Because of the limited punishments that can be imposed, “[c]riminal defamation defendants are not entitled to a trial by jury” and “state law does not afford indigent criminal defamation defendants the right to court-appointed counsel.” “Municipal police departments in New Hampshire have been empowered since colonial times to initiate prosecutions for misdemeanors like criminal defamation without input or approval from a state-employed and legally trained prosecutor.” “[O]ver the past ten years, approximately 25 defendants [have apparently been] charged under the criminal defamation statute.”
In Garrison v. Louisiana (1964) and Herbert v. Lando (1979), the Supreme Court stated that suitably narrow criminal libel laws (basically, ones that are limited to knowing lies) are constitutionally permissible; but about a year ago, Judge Joseph N. Laplante (D.N.H.) held that the New Hampshire statute was unconstitutionally vague. The law didn’t sufficiently clearly define what would “tend to expose [a] person to public hatred, contempt or ridicule,” and provides too much opportunity for arbitrary enforcement.

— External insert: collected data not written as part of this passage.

Lemma pfactorsM ps es es' : size es = size ps -> size es' = size ps ->
  pfactors ps es * pfactors ps es' = pfactors ps [seq x.1 + x.2 | x <- zip es es'].
Proof.
elim: ps es es' => [|p ps IHps] [|x es] [|y es'] //=; rewrite /pfactors /= ?big_nil //.
by move=> [size_es] [size_es']; rewrite !big_cons /= expnD mulnACA; congr (_ * _); apply: IHps.
Qed.

Lemma divisor_pentagon_221 n p q r : 0 < n -> all prime [:: p; q; r] -> uniq [:: p; q; r] ->
  2 <= logn p n -> 2 <= logn q n -> 1 <= logn r n -> divisor_pentagon n.
Proof.
move=> n_gt0 pr uniq_pqr hp hq hr; set ps := [:: p; q; r].
apply: (@divisor_pentagon_of_codivisors n (pfactors ps [:: logn p n; 0; 0])
  (pfactors ps [:: 0; logn q n; 0]) (pfactors ps [:: 1; 0; logn r n]) (pfactors ps [:: 1; 1; 0])
  (pfactors ps [:: 0; 1; logn r n])) => //.
by rewrite /pentagon !pfactorsM // !pfactors_dvdn //=; lia.
Qed.

Lemma divisor_pentagon_2111 n p q r s : 0 < n -> all prime [:: p; q; r; s] ->
  uniq [:: p; q; r; s] -> 2 <= logn p n -> 1 <= logn q n -> 1 <= logn r n -> 1 <= logn s n ->
  divisor_pentagon n.
Proof.
move=> n_gt0 pr uniq_pqrs hp hq hr hs; set ps := [:: p; q; r; s].
apply: (@divisor_pentagon_of_codivisors n (pfactors ps [:: logn p n; 0; 0; 0])
  (pfactors ps [:: 0; logn q n; logn r n; 0]) (pfactors ps [:: 1; 0; 0; logn s n])
  (pfactors ps [:: 1; logn q n; 0; 0]) (pfactors ps [:: 0; 0; logn r n; logn s n])) => //.
by rewrite /pentagon !pfactorsM // !pfactors_dvdn //=; lia.
Qed.

Lemma divisor_pentagon_11111 n p q r s t : 0 < n -> all prime [:: p; q; r; s; t] ->
  uniq [:: p; q; r; s; t] -> 1 <= logn p n -> 1 <= logn q n -> 1 <= logn r n ->
  1 <= logn s n -> 1 <= logn t n -> divisor_pentagon n.
Proof.
move=> n_gt0 pr uniq_ps hp hq hr hs ht; set ps := [:: p; q; r; s; t].
apply: (@divisor_pentagon_of_codivisors n (pfactors ps [:: logn p n; logn q n; 0; 0; 0])
  (pfactors ps [:: 0; 0; logn r n; logn s n; 0]) (pfactors ps [:: logn p n; 0; 0; 0; logn t n])
  (pfactors ps [:: 0; logn q n; logn r n; 0; 0])
  (pfactors ps [:: 0; 0; 0; logn s n; logn t n])) => //.
by rewrite /pentagon !pfactorsM // !pfactors_dvdn //=; lia.
Qed.

Definition perfect_shape (n : nat) : Prop :=
  ((exists p1 a1, prime p1 /\ (1 <= a1)%N /\ n = p1 ^ a1) \/
   (exists p1 p2 a1 a2, prime p1 /\ prime p2 /\ p1 != p2 /\ (1 <= a1)%N /\ (1 <= a2)%N /\
                        n = p1 ^ a1 * p2 ^ a2) \/
   (exists p1 p2 p3 a1, prime p1 /\ prime p2 /\ prime p3 /\ uniq [:: p1; p2; p3] /\
                        (1 <= a1)%N /\ n = p1 ^ a1 * p2 * p3) \/
   (exists p1 p2 p3 p4, prime p1 /\ prime p2 /\ prime p3 /\ prime p4 /\
                        uniq [:: p1; p2; p3; p4] /\ n = p1 * p2 * p3 * p4))%N.

Lemma nested_weight_of_shape n : perfect_shape n -> exists w, nested_at_min_weight n w.
Proof.
case=> [[p [a [p_pr [_ ->]]]] | [[p [q [a [b [p_pr [q_pr [pq [_ [_ ->]]]]]]]]] |
  [[p [q [r [a [p_pr [q_pr [r_pr [pqr [_ ->]]]]]]]]] |
   [p1 [p2 [p3 [p4 [pr1 [pr2 [pr3 [pr4 [u ->]]]]]]]]]]]].
- exists (logn p); rewrite -[p ^ a]muln1.
  by apply: nested_at_min_weight_pow_mul; rewrite ?coprimen1 //; apply: ann_chain1.
- exists (logn p); apply: nested_at_min_weight_pow_mul => //; last exact: ann_chain_prime_pow.
  by rewrite coprimeXl // coprimeXr // coprime_primes.
- move: pqr => /and3P[]; rewrite !inE !negb_or => /andP[pq pr] qr _.
  exists (logn p); rewrite -mulnA; apply: nested_at_min_weight_pow_mul => //.
    by rewrite coprimeXl // coprimeMr !coprime_primes.
  exact: ann_chain_prime_mul.
- by eexists; apply: nested_at_min_weight_sqfree4.
Qed.

Lemma shape_or_divisor_pentagon n : 1 < n -> perfect_shape n \/ divisor_pentagon n.
Proof.
move=> n_gt1; have n_gt0 := ltnW n_gt1.
(* Sort the primes by decreasing exponent, so that one of largest exponent comes first, as in the
   shape p^a q r. *)
have s_sorted := sort_sorted (fun p q => leq_total (logn q n) (logn p n)) (primes n).
have s_perm : perm_eq (sort (fun p q => logn q n <= logn p n) (primes n)) (primes n).
  by rewrite perm_sort.
move: (sort _ _) s_sorted s_perm => s s_sorted s_perm.
have nE : n = \prod_(p <- s) p ^ logn p n.
  by rewrite (perm_big _ s_perm) /= {1}(prod_prime_decomp n_gt0) prime_decompE big_map.
have s_uniq : uniq s by rewrite (perm_uniq s_perm) primes_uniq.
have s_prime : all prime s.
  by apply/allP => p; rewrite (perm_mem s_perm) mem_primes => /andP[].
have s_log : all (fun p => 0 < logn p n) s.
  by apply/allP => p; rewrite (perm_mem s_perm) logn_gt0.
move: nE s_uniq s_sorted s_prime s_log; clear s_perm; case: s => [|p [|q [|r [|t [|u s]]]]] /=.
- by rewrite big_nil => n1; rewrite n1 in n_gt1.
- rewrite big_seq1 => nE _ _ /andP[p_pr _] /andP[lp _].
  by left; left; exists p, (logn p n).
- rewrite !big_cons big_nil muln1 inE => nE /andP[pq _] _ /and3P[p_pr q_pr _] /and3P[lp lq _].
  by left; right; left; exists p, q, (logn p n), (logn q n).
- rewrite !big_cons big_nil muln1 => nE pqr /and3P[le_qp le_rq _] /and4P[p_pr q_pr r_pr _].
  move=> /and4P[lp lq lr _]; have [lq2 | lq1] := leqP 2 (logn q n).
    right; apply: (@divisor_pentagon_221 n p q r) => //; first by rewrite /= p_pr q_pr r_pr.
    exact: leq_trans lq2 le_qp.
  have [lq_1 lr_1] : logn q n = 1 /\ logn r n = 1 by lia.
  rewrite lq_1 lr_1 !expn1 mulnA in nE.
  by left; right; right; left; exists p, q, r, (logn p n).
- rewrite !big_cons big_nil muln1 => nE pqrt /and4P[le_qp le_rq le_tr _].
  move=> /and5P[p_pr q_pr r_pr t_pr _] /and5P[lp lq lr lt _].
  have [lp2 | lp1] := leqP 2 (logn p n).
    by right; apply: (@divisor_pentagon_2111 n p q r t) => //; rewrite /= p_pr q_pr r_pr t_pr.
  have [lp_1 lq_1 lr_1 lt_1] : [/\ logn p n = 1, logn q n = 1, logn r n = 1 & logn t n = 1].
    by split; lia.
  rewrite lp_1 lq_1 lr_1 lt_1 !expn1 !mulnA in nE.
  by left; right; right; right; exists p, q, r, t.
- move=> _ uniq_ps _ /and5P[p_pr q_pr r_pr t_pr /andP[u_pr _]].
  move=> /and5P[lp lq lr lt /andP[lu _]]; right.
  apply: (@divisor_pentagon_11111 n p q r t u) => //; first by rewrite /= p_pr q_pr r_pr t_pr u_pr.
  exact: subseq_uniq (prefix_subseq [:: p; q; r; t; u] s) uniq_ps.
Qed.

Theorem theorem1 (n : nat) (hn : (2 <= n)%N) :
  perfect (@AG_adj ('Z_n : finComNzRingType)) (AG_vertices ('Z_n : finComNzRingType)) <->
  ((exists p1 a1, prime p1 /\ (1 <= a1)%N /\ n = p1 ^ a1) \/
   (exists p1 p2 a1 a2, prime p1 /\ prime p2 /\ p1 != p2 /\ (1 <= a1)%N /\ (1 <= a2)%N /\
                        n = p1 ^ a1 * p2 ^ a2) \/
   (exists p1 p2 p3 a1, prime p1 /\ prime p2 /\ prime p3 /\ uniq [:: p1; p2; p3] /\
                        (1 <= a1)%N /\ n = p1 ^ a1 * p2 * p3) \/
   (exists p1 p2 p3 p4, prime p1 /\ prime p2 /\ prime p3 /\ prime p4 /\
                        uniq [:: p1; p2; p3; p4] /\ n = p1 * p2 * p3 * p4))%N.
Proof.
change (perfect (@AG_adj ('Z_n : finComNzRingType)) (AG_vertices ('Z_n : finComNzRingType))
  <-> perfect_shape n).
split=> [AG_perfect | /nested_weight_of_shape[w w_nested]].
  have [//|[d1 [d2 [d3 [d4 [d5 [ds pent]]]]]]] := shape_or_divisor_pentagon hn.
  by case: (AG_not_perfect_of_pentagon hn ds pent).
exact (AG_perfect_of_nested hn w_nested).
Qed.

[T]he criminal defamation statute adopts part of the common law standard for civil defamation—a discernable, normative standard which New Hampshire courts have consistently construed, and New Hampshire juries have regularly applied, for over one hundred years…. The adoption of the common law defamation standard does much to rein in any alleged vagueness of the criminal defamation statute by giving persons of ordinary intelligence a familiar standard of conduct by which to abide…. Moreover, narrowing constructions of the common law defamation standard applied by the New Hampshire courts, as well as the federal courts, add additional precision and guidance to prevent enforcement of the criminal defamation statute in a generally arbitrary or discriminatory way….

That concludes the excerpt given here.